InLegalBERT
Property | Value |
---|---|
Parameters | 110M |
License | MIT |
Language | English |
Paper | Pre-training Transformers on Indian Legal Text |
What is InLegalBERT?
InLegalBERT is a specialized language model developed by researchers at IIT Kharagpur, specifically designed for Indian legal text processing. Built upon the LEGAL-BERT-SC foundation, this model has been trained on an extensive corpus of 5.4 million Indian legal documents spanning from 1950 to 2019, encompassing various legal domains including Civil, Criminal, and Constitutional law.
Implementation Details
The model follows the BERT-base architecture with 12 hidden layers, 768 hidden dimensions, and 12 attention heads.
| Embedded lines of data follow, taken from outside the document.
(* Assume the bounded-cost assumption, $J\ge2$, and $T=\Omega(J^2\bar L_T)$ where $\bar L_T=\max_jL^j_T$. If all agents use POMWU with learning rate $\eta^\star=\Theta\big(J^{-1/2}T^{-1/4}[\ln K(\bar L_T+m)]^{1/4}\big)$, then the map $\hat{\boldsymbol\nu}_T$ is an $\varepsilon$-contextual coarse correlated equilibrium with $$\varepsilon=O\big([\ln K(\bar L_T+m)]^{3/4}T^{-3/4}J^{1/2}\big).$$
   Context: Setting. There are $J$ agents indexed by $j\in[J]$. Agent $j$ has a finite action set $\mathcal A^j=\{a^j_1,\dots,a^j_K\}$ with $K$ elements; $\mathcal A=\prod_i\mathcal A^i$, $\mathcal A^{-j}=\prod_{i\ne j}\mathcal A^i$. $\Delta_K$ is the probability simplex in $\mathbb R^K$, $w\in\Delta_K$ identified with a distribution on $\mathcal A^j$; $\mathscr P(S)$ is the set of distributions on a finite set $S$. The context set $\mathcal Z=\{z_1,\dots,z_m\}\subset\mathbb R^d$ is finite with $m$ elements. Agent $j$ has $\phi^j:\mathcal A\to\mathbb R^d$ and cost $c^j(\mathbf w,Z)=\mathbb E_{\mathbf a\sim\mathbf w}[\langle\phi^j(\mathbf a),Z\rangle]$; $c^j(w,\mathbf w^{-j},Z)=c^j(w\otimes\mathbf w^{-j},Z)$. $\Phi^j(\mathbf w^{-j})\in\mathbb R^{d\times K}$ has entries $\Phi^j(\mathbf w^{-j})_{\ell,k}=\mathbb E_{\mathbf a^{-j}\sim\mathbf w^{-j}}[\phi^j(a^j_k,\mathbf a^{-j})[\ell]]$. Bounded-cost assumption: $|\langle Z,\phi^j(\mathbf a)\rangle|\le1$ for all $j,\mathbf a,Z$. Game protocol: $T$ rounds, fixed sequence $Z_1,\dots,Z_T\in\mathcal Z$; at round $t$ each agent $j$ receives a prediction $\hat Z^j_t\in\mathcal Z$, plays $w^j_t\in\Delta_K$, incurs $c^j(w^j_t,\mathbf w^{-j}_t,Z_t)$ with $\mathbf w^{-j}_t=\bigotimes_{i\ne j}w^i_t$, and observes $Z_t$ and $\Phi^j(\mathbf w^{-j}_t)$. $\mathscr T^z=\{t:Z_t=z\}$, $n_z=|\mathscr T^z|$, $L^j_T=\sum_{t}\mathbf 1\{\hat Z^j_t\ne Z_t\}$. POMWU with learning rate $\eta>0$ (for agent $j$): maintain for each $z\in\mathcal Z$ a vector $\rho_z\in\mathbb R^K_{>0}$, initialized to $(1/K,\dots,1/K)$, and a matrix $\Psi_z\in\mathbb R^{d\times K}$, initialized to $0$. At round $t$, with $\hat Z=\hat Z^j_t$, play $w^j_t[\ell]=\rho_{\hat Z}[\ell]\exp(-\eta(\Psi_{\hat Z}^\top\hat Z)[\ell])/\sum_{k=1}^K\rho_{\hat Z}[k]\exp(-\eta(\Psi_{\hat Z}^\top\hat Z)[k])$. After observing $Z_t$ and $\Phi_t=\Phi^j(\mathbf w^{-j}_t)$, set $\Psi_{Z_t}\leftarrow\Phi_t$ and $\rho_{Z_t}[\ell]\leftarrow\rho_{Z_t}[\ell]\exp(-\eta(\Phi_t^\top Z_t)[\ell])$ for all $\ell$. $\hat{\boldsymbol\nu}_T:\mathcal Z\to\mathscr P(\mathcal A)$: $\hat{\boldsymbol\nu}_T(z)=n_z^{-1}\sum_{t\in\mathscr T^z}w^1_t\otimes\dots\otimes w^J_t$ if $n_z>0$, the uniform distribution on $\mathcal A$ otherwise. For $\boldsymbol\nu:\mathcal Z\to\mathscr P(\mathcal A)$, $\boldsymbol\nu^{-j}(z)$ is the marginal of $\boldsymbol\nu(z)$ on $\mathcal A^{-j}$. An $\varepsilon$-contextual coarse correlated equilibrium is $\boldsymbol\nu:\mathcal Z\to\mathscr P(\mathcal A)$ such that for every $j$ and every $\pi:\mathcal Z\to\Delta_K$, $T^{-1}\sum_tc^j(\boldsymbol\nu(Z_t),Z_t)\le T^{-1}\sum_tc^j(\pi(Z_t),\boldsymbol\nu^{-j}(Z_t),Z_t)+\varepsilon$. $O,\Omega,\Theta$ hide absolute constants. *)

From HB Require Import structures.
From mathcomp Require Import all_boot all_order all_algebra.
From mathcomp Require Import all_classical all_reals all_analysis.
Set Implicit Arguments. Unset Strict Implicit. Unset Printing Implicit Defensive.
Import Order.TTheory GRing.Theory Num.Theory.
Local Open Scope ring_scope.

Section ContextualGame.
Variables (R : realType) (J K d m : nat).
Local Notation joint := {ffun 'I_J -> 'I_K}.

Definition ip (u v : 'rV[R]_d) : R := \sum_(l < d) u 0 l * v 0 l.

Definition in_simplex (w : 'I_K -> R) : Prop :=
  (forall k, 0 <= w k) /\ \sum_(k < K) w k = 1.

Definition prod_dist (W : 'I_J -> 'I_K -> R) (a : joint) : R :=
  \prod_(i < J) W i (a i).

Definition exp_cost (phij : joint -> 'rV[R]_d) (mu : joint -> R)
    (Z : 'rV[R]_d) : R :=
  \sum_(a : joint) mu a * ip (phij a) Z.

Definition agree_off (j : 'I_J) (a b : joint) : bool :=
  [forall i, (i != j) ==> (a i == b i)].

(* the marginal mu^{-j} on A^{-j}, evaluated at a^{-j} (the j-th coordinate
   of a is ignored) *)
Definition marginal_minus (j : 'I_J) (mu : joint -> R) (a : joint) : R :=
  \sum_(b : joint | agree_off j a b) mu b.

Definition dev_dist (j : 'I_J) (w : 'I_K -> R) (mu : joint -> R)
    (a : joint) : R :=
  w (a j) * marginal_minus j mu a.

(* Phi^j(w^{-j})_{l,k} = E_{a^{-j} ~ w^{-j}} [phi^j(a^j_k, a^{-j})[l]];
   a^{-j} is enumerated as the joint actions a with a j = k. *)
Definition Phi (phij : joint -> 'rV[R]_d) (j : 'I_J)
    (W : 'I_J -> 'I_K -> R) : 'M[R]_(d, K) :=
  \matrix_(l < d, k < K)
    \sum_(a : joint | a j == k) (\prod_(i < J | i != j) W i (a i)) * phij a 0 l.

(* POMWU state of all agents: for each agent j and context index z,
   rho_z in R^K and Psi_z in R^{d x K}. Contexts are indexed by 'I_m. *)
Record pomwu_state := PState {
  st_rho : 'I_J -> 'I_m -> 'I_K -> R;
  st_Psi : 'I_J -> 'I_m -> 'M[R]_(d, K) }.

Definition pomwu_init : pomwu_state :=
  PState (fun _ _ _ => (K%:R)^-1) (fun _ _ => 0).

(* strategy of agent j given prediction index zh; note (Psi^T Z)[l] = (Z *m Psi) 0 l *)
Definition pomwu_play (eta : R) (z : 'I_m -> 'rV[R]_d) (st : pomwu_state)
    (j : 'I_J) (zh : 'I_m) : 'I_K -> R :=
  fun l =>
    (st_rho st j zh l * expR (- eta * (z zh *m st_Psi st j zh) 0 l)) /
    \sum_(k < K) st_rho st j zh k * expR (- eta * (z zh *m st_Psi st j zh) 0 k).

Definition pomwu_update (eta : R) (z : 'I_m -> 'rV[R]_d)
    (phi : 'I_J -> joint -> 'rV[R]_d) (st : pomwu_state) (zt : 'I_m)
    (W : 'I_J -> 'I_K -> R) : pomwu_state :=
  PState
    (fun j zz l => if zz == zt then
        st_rho st j zz l * expR (- eta * (z zt *m Phi (phi j) j W) 0 l)
      else st_rho st j zz l)
    (fun j zz => if zz == zt then Phi (phi j) j W else st_Psi st j zz).

(* Zs t = index of the realized context Z_t ; Zhat j t = index of agent j's
   prediction at round t (rounds are t = 0, 1, ...) *)
Fixpoint pomwu_states (eta : R) (z : 'I_m -> 'rV[R]_d)
    (phi : 'I_J -> joint -> 'rV[R]_d) (Zs : nat -> 'I_m)
    (Zhat : 'I_J -> nat -> 'I_m) (t : nat) : pomwu_state :=
  match t with
  | 0 => pomwu_init
  | t'.+1 =>
      let st := pomwu_states eta z phi Zs Zhat t' in
      pomwu_update eta z phi st (Zs t')
        (fun j => pomwu_play eta z st j (Zhat j t'))
  end.

Definition pomwu_profile (eta : R) (z : 'I_m -> 'rV[R]_d)
    (phi : 'I_J -> joint -> 'rV[R]_d) (Zs : nat -> 'I_m)
    (Zhat : 'I_J -> nat -> 'I_m) (t : nat) : 'I_J -> 'I_K -> R :=
  fun j => pomwu_play eta z (pomwu_states eta z phi Zs Zhat t) j (Zhat j t).

Definition n_ctx (T : nat) (Zs : nat -> 'I_m) (zz : 'I_m) : nat :=
  \sum_(t < T) (Zs t == zz).

Definition nu_hat (T : nat) (W : nat -> 'I_J -> 'I_K -> R) (Zs : nat -> 'I_m)
    (zz : 'I_m) (a : joint) : R :=
  if (0 < n_ctx T Zs zz)%N then
    (n_ctx T Zs zz)%:R^-1 * \sum_(t < T | Zs t == zz) prod_dist (W t) a
  else (#|{: joint}|%:R)^-1.

Definition mistakes (T : nat) (Zs : nat -> 'I_m) (Zhat : 'I_J -> nat -> 'I_m)
    (j : 'I_J) : nat :=
  \sum_(t < T) (Zhat j t != Zs t).

Definition max_mistakes (T : nat) (Zs : nat -> 'I_m)
    (Zhat : 'I_J -> nat -> 'I_m) : nat :=
  \max_(j < J) mistakes T Zs Zhat j.

Definition is_contextual_CCE (T : nat) (z : 'I_m -> 'rV[R]_d)
    (phi : 'I_J -> joint -> 'rV[R]_d) (Zs : nat -> 'I_m)
    (nu : 'I_m -> joint -> R) (eps : R) : Prop :=
  forall (j : 'I_J) (pi : 'I_m -> 'I_K -> R),
    (forall zz, in_simplex (pi zz)) ->
    T%:R^-1 * \sum_(t < T) exp_cost (phi j) (nu (Zs t)) (z (Zs t))
    <= T%:R^-1 * \sum_(t < T)
         exp_cost (phi j) (dev_dist j (pi (Zs t)) (nu (Zs t))) (z (Zs t))
       + eps.

End ContextualGame.

From HB Require Import structures.
From mathcomp Require Import all_boot all_order all_algebra.
From mathcomp Require Import all_classical all_reals all_analysis.
From mathcomp Require Import ring lra.
Import Order.TTheory GRing.Theory Num.Theory.
Local Open Scope ring_scope.

(* The CCE gap of [nu_hat] for agent [j] and deviation [pi] is the average over
   rounds of the regret [\sum_k (w^j_t - pi(Z_t))_k c_t(k)], where [c_t] is the
   cost vector of agent [j] against the other agents' strategies.  Played with
   the true context, POMWU is optimistic multiplicative weights run separately
   on the rounds of each context, with the cost vector of the previous visit as
   hint; a wrong prediction costs at most [2].  The log-potential argument
   bounds the regret of each optimistic learner by [ln K / eta] plus [2 eta]
   times the squared hint errors.  Between two visits of a context every agent
   that predicted correctly moves its strategy by [O(eta)] in l1, so the hint
   error is [O(eta J)] plus the mispredictions at both visits.  Altogether
   regret <= m ln K / eta + O(eta^3 J^2 T + eta J^2 Lbar + Lbar),
   and the choice of [eta] balances the first two terms. *)

Section ExpBounds.
Context {R : realType}.
Implicit Types x y : R.

Lemma expR_le_invr1B y : y < 1 -> expR y <= (1 - y)^-1.
Proof.
move=> hy; have h := expR_ge1Dx (- y).
rewrite -[expR y]invrK -expRN lef_pV2 ?posrE ?expR_gt0 //; lra.
Qed.

Lemma expR_le_quad y : y <= 1/2 -> expR y <= 1 + y + 2 * y ^+ 2.
Proof.
move=> hy; apply: le_trans (expR_le_invr1B _ _) _; first lra.
have p : 0 < 1 - y by lra.
rewrite -[(1 - y)^-1]mulr1 ler_pdivrMl //.
have : 0 <= y ^+ 2 * (1 - 2 * y) by apply: mulr_ge0; [exact: sqr_ge0 | lra].
rewrite expr2 => h; nra.
Qed.

Lemma expR_subr1_le y : 0 <= y -> y <= 1/2 -> expR y - 1 <= 2 * y.
Proof. by move=> h0 h1; have := expR_le_quad _ h1; rewrite expr2 => h; nra. Qed.

Lemma ln_le_subr1 x : 0 < x -> ln x <= x - 1.
Proof. by move=> hx; have := @le_ln1Dx R (x - 1); rewrite addrCA subrr addr0; apply; lra. Qed.

Lemma ln2_ge_half : 1/2 <= ln (2 : R).
Proof.
rewrite -[X in X <= _]expRK ler_ln ?posrE ?expR_gt0 //.
apply: le_trans (expR_le_invr1B _ _) _; first lra.
by rewrite (_ : 1 - 1/2 = 2^-1 :> R) ?invrK //; field.
Qed.

Lemma ratio_near1 x a b : 0 <= x -> x <= 1/4 ->
  expR (- x) <= a <= expR x -> expR (- x) <= b <= expR x -> `|a / b - 1| <= 4 * x.
Proof.
move=> x0 x4 /andP[a1 a2] /andP[b1 b2].
have b0 : 0 < b := lt_le_trans (expR_gt0 _) b1.
have up : a / b <= expR (2 * x).
  rewrite ler_pdivrMr //; apply: le_trans a2 _.
  have -> : expR x = expR (2 * x) * expR (- x) by rewrite -expRD; congr expR; ring.
  by apply: ler_wpM2l; first exact: expR_ge0.
have lo : expR (- (2 * x)) <= a / b.
  rewrite ler_pdivlMr //; apply: le_trans _ a1.
  have -> : expR (- x) = expR (- (2 * x)) * expR x by rewrite -expRD; congr expR; ring.
  by apply: ler_wpM2l; first exact: expR_ge0.
have e1 : expR (2 * x) - 1 <= 4 * x by apply: le_trans (expR_subr1_le (2 * x) _ _) _; lra.
have e2 : 1 - expR (- (2 * x)) <= 2 * x by have := expR_ge1Dx (- (2 * x)); lra.
rewrite ler_norml; apply/andP; split; lra.
Qed.

End ExpBounds.

Section Simplex.
Context {R : realType} {K : nat}.
Implicit Types w : 'I_K -> R.

Lemma simplex_ge0 {w} k : in_simplex w -> 0 <= w k.
Proof. by case. Qed.

Lemma simplex_sum1 {w} : in_simplex w -> \sum_k w k = 1.
Proof. by case. Qed.

Lemma simplex_nonempty {w} : in_simplex w -> (0 < K)%N.
Proof.
move=> /simplex_sum1; case: K w => [|//] w; rewrite big_ord0 => /eqP.
by rewrite eq_sym oner_eq0.
Qed.

Lemma simplex_single {w} k : K = 1%N -> in_simplex w -> w k = 1.
Proof.
move=> K1 /simplex_sum1; rewrite (bigD1 k) //= big1 ?addr0 // => i.
suff -> : i = k by rewrite eqxx.
have lt1 (l : 'I_K) : (val l < 1)%N by rewrite -K1 ltn_ord.
by apply: val_inj; move: (lt1 i) (lt1 k); rewrite !ltnS !leqn0 => /eqP -> /eqP ->.
Qed.

Lemma simplex_mixC {w} c : in_simplex w -> \sum_k w k * c = c.
Proof. by move=> hw; rewrite -mulr_suml simplex_sum1 // mul1r. Qed.

Lemma expR_mix_le w y : in_simplex w ->
  expR (\sum_k w k * y k) <= \sum_k w k * expR (y k).
Proof.
move=> hw; set c := \sum_k w k * y k.
apply: (@le_trans _ _ (\sum_k w k * (expR c * (1 + (y k - c))))).
  have -> : \sum_k w k * (expR c * (1 + (y k - c))) =
      expR c * (\sum_k w k * (1 - c) + \sum_k w k * y k).
    by rewrite -big_split mulr_sumr; apply: eq_bigr => k _ /=; ring.
  by rewrite simplex_mixC // -/c subrK mulr1.
apply: ler_sum => k _; apply: ler_wpM2l; first exact: simplex_ge0 k hw.
have -> : expR (y k) = expR c * expR (y k - c) by rewrite -expRD subrKC.
by apply: ler_wpM2l; [exact: expR_ge0 | exact: expR_ge1Dx].
Qed.

Lemma mix_expR_gt0 w y : in_simplex w -> 0 < \sum_k w k * expR (y k).
Proof. by move=> hw; exact: lt_le_trans (expR_gt0 _) (expR_mix_le w y hw). Qed.

Lemma ln_mix_expR_ge w y : in_simplex w ->
  \sum_k w k * y k <= ln (\sum_k w k * expR (y k)).
Proof.
move=> hw; have jensen := expR_mix_le w y hw.
rewrite -[X in X <= _]expRK ler_ln // posrE ?expR_gt0 //.
exact: lt_le_trans (expR_gt0 _) jensen.
Qed.

Lemma ln_mix_expR_le w y M : in_simplex w ->
  (forall k, y k <= 1/2) -> (forall k, y k ^+ 2 <= M) ->
  ln (\sum_k w k * expR (y k)) <= \sum_k w k * y k + 2 * M.
Proof.
move=> hw y_le y2_le.
have quad : \sum_k w k * expR (y k) <= 1 + \sum_k w k * y k + 2 * M.
  apply: (@le_trans _ _ (\sum_k w k * (1 + y k + 2 * M))).
    apply: ler_sum => k _; apply: ler_wpM2l; first exact: simplex_ge0 k hw.
    by apply: le_trans (expR_le_quad _ (y_le k)) _; have := y2_le k; lra.
  have -> : \sum_k w k * (1 + y k + 2 * M) =
      \sum_k w k * 1 + \sum_k w k * y k + \sum_k w k * (2 * M).
    by rewrite -!big_split; apply: eq_bigr => k _ /=; ring.
  by rewrite !simplex_mixC.
by apply: le_trans (ln_le_subr1 _ (mix_expR_gt0 w y hw)) _; lra.
Qed.

End Simplex.

Section Softmax.
Context {R : realType} {K : nat}.
Variable eta : R.
Hypothesis K_gt0 : (0 < K)%N.
Implicit Types rho h p w : 'I_K -> R.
It was further trained for 300,000 steps using Masked Language Modeling (MLM) and Next Sentence Prediction (NSP) tasks on a 27GB corpus of legal text.
- Pre-trained on Indian Supreme Court and High Court documents
- Compatible with the LegalBERT tokenizer
- Optimized for legal domain-specific tasks
Core Capabilities
- Legal Statute Identification from case facts
- Semantic Segmentation of legal documents into functional parts
- Court Judgment Prediction
- Generation of legal document embeddings
Frequently Asked Questions
Q: What makes this model unique?
InLegalBERT specializes in Indian legal text processing, demonstrating superior performance across various legal tasks compared to baseline models. Its training on a vast corpus of Indian legal documents makes it particularly effective for Indian legal applications.
Q: What are the recommended use cases?
The model is ideal for tasks such as legal document analysis, statute identification, court judgment prediction, and semantic segmentation of legal documents. It's particularly well-suited for applications involving Indian legal texts and documentation.